[[ RECORDS TO USE open ]]

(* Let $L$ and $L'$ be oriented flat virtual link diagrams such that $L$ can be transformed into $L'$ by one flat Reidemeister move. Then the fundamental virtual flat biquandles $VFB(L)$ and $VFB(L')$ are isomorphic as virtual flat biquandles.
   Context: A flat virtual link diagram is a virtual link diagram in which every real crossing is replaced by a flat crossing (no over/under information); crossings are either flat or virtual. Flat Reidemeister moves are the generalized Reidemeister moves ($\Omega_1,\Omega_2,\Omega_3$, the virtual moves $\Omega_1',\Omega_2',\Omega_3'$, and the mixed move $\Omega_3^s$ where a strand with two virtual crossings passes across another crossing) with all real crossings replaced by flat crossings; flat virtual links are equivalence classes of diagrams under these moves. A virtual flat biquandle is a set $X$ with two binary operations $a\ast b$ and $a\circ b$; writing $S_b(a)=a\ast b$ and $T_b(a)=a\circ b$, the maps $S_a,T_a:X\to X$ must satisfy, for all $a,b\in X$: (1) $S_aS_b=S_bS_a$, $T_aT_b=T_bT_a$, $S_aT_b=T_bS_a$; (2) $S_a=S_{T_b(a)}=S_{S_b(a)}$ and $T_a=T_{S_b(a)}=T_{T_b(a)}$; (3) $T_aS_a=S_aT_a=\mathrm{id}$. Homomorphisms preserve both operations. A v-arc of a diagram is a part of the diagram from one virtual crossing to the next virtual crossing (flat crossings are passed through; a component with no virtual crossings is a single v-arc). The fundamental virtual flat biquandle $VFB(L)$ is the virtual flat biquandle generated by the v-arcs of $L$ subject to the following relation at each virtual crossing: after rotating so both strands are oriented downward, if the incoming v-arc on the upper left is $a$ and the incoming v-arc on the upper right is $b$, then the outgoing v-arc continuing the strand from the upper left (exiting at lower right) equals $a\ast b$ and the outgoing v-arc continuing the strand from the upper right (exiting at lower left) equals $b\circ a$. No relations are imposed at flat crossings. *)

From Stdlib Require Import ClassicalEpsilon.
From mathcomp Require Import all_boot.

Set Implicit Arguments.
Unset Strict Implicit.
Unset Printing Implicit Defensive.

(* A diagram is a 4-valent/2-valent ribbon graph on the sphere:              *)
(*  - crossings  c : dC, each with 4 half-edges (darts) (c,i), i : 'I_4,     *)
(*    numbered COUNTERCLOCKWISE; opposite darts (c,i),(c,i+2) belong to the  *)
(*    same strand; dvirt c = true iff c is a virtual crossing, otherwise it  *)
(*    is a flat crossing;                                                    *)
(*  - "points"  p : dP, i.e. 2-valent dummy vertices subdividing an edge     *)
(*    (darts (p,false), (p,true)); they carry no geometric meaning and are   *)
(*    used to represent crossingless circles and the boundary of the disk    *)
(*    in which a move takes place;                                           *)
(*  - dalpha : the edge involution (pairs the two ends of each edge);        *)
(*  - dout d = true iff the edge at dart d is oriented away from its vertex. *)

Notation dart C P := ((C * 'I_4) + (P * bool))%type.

[[ RECORDS TO USE closed ]]
[[ RECORDS TO USE open ]]

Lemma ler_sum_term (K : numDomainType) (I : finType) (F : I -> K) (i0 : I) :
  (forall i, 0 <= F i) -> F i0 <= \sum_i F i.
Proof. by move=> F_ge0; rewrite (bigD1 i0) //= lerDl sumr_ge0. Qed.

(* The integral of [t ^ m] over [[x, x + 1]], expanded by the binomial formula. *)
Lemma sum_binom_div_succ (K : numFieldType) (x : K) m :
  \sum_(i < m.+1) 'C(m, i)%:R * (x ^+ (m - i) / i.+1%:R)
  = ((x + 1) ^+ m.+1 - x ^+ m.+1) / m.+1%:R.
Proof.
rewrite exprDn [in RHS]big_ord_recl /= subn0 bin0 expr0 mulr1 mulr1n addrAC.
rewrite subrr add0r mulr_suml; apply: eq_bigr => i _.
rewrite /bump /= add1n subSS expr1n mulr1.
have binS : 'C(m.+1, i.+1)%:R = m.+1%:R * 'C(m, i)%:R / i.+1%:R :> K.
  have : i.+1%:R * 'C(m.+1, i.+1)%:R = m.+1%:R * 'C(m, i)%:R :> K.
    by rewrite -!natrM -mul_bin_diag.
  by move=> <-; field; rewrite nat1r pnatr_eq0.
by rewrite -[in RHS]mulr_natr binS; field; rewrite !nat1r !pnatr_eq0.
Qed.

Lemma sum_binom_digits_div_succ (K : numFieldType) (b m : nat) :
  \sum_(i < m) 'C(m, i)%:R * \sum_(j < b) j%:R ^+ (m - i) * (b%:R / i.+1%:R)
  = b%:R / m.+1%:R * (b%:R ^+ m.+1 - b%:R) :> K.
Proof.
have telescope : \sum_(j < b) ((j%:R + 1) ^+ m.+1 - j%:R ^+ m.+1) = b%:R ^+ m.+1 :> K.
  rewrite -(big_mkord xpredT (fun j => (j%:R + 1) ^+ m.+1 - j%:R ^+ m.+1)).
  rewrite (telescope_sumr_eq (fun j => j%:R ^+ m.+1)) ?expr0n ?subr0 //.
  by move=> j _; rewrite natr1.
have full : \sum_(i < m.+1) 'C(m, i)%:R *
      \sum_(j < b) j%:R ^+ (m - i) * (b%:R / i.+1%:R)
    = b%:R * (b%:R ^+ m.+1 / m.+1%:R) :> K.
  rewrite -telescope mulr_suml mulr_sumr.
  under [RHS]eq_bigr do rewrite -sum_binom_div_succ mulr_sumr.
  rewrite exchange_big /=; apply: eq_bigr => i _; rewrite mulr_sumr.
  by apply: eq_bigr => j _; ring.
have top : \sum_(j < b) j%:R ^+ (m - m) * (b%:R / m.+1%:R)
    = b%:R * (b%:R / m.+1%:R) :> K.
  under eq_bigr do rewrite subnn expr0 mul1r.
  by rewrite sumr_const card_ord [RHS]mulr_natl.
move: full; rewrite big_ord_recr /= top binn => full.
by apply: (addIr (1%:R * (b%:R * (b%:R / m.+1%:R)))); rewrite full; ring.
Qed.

[[ RECORDS TO USE closed ]]
[[ RECORDS TO USE open ]]

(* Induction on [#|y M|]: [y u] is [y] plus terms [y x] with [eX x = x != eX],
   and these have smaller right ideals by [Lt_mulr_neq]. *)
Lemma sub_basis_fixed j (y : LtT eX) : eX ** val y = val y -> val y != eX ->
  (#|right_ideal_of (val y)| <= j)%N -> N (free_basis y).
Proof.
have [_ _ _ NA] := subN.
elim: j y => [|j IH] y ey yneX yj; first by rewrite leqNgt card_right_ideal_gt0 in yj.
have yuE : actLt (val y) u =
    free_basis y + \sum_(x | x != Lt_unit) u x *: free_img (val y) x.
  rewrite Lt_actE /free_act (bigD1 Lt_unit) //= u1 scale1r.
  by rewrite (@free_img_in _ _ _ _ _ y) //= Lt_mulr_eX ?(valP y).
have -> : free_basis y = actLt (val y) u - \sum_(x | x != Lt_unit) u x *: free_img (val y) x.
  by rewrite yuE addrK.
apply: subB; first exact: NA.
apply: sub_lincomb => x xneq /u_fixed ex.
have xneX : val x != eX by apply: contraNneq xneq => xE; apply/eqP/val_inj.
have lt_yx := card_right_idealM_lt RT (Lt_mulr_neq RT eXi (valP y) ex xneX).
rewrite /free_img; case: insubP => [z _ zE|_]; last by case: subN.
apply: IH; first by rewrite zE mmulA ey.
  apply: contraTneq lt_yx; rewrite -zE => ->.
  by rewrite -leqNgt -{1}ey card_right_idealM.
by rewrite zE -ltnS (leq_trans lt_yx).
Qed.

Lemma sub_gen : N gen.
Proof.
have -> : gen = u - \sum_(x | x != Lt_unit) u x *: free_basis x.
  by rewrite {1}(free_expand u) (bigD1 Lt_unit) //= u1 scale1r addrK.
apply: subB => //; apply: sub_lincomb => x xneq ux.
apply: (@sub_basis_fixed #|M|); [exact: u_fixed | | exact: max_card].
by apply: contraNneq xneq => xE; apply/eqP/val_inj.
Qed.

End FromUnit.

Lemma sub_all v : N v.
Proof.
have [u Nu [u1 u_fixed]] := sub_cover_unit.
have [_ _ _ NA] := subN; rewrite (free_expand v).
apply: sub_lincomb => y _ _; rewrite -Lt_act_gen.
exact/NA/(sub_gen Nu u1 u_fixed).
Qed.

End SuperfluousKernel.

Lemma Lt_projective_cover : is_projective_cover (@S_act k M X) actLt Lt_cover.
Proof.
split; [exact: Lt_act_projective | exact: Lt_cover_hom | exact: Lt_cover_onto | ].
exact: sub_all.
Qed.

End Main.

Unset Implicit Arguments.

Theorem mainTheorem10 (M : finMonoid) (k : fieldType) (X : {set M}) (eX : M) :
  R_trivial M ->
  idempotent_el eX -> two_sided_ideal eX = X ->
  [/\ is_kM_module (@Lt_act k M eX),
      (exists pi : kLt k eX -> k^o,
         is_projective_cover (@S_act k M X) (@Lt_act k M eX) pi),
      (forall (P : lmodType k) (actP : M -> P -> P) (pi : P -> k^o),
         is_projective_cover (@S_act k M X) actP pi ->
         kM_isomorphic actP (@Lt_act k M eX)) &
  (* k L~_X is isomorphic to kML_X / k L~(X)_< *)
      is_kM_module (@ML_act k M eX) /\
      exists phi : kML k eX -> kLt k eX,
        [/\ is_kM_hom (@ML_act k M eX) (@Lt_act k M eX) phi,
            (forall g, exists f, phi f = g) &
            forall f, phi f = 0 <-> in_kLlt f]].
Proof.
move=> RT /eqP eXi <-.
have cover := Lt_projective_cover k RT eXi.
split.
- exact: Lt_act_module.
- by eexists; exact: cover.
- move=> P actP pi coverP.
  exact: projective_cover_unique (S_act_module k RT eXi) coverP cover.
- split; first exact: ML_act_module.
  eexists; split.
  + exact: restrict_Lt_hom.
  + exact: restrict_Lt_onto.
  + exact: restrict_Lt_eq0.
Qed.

[[ RECORDS TO USE closed ]]

What you give back should be exactly the lines of the data above from the line with "(forall (P : lmodType" through the line with "exists phi : kML", both of those included, and nothing more.

→ ANSWER SECTION:
      (forall (P : lmodType k) (actP : M -> P -> P) (pi : P -> k^o),
         is_projective_cover (@S_act k M X) actP pi ->
         kM_isomorphic actP (@Lt_act k M eX)) &
  (* k L~_X is isomorphic to kML_X / k L~(X)_< *)
      is_kM_module (@ML_act k M eX) /\
      exists phi : kML k eX -> kLt k eX,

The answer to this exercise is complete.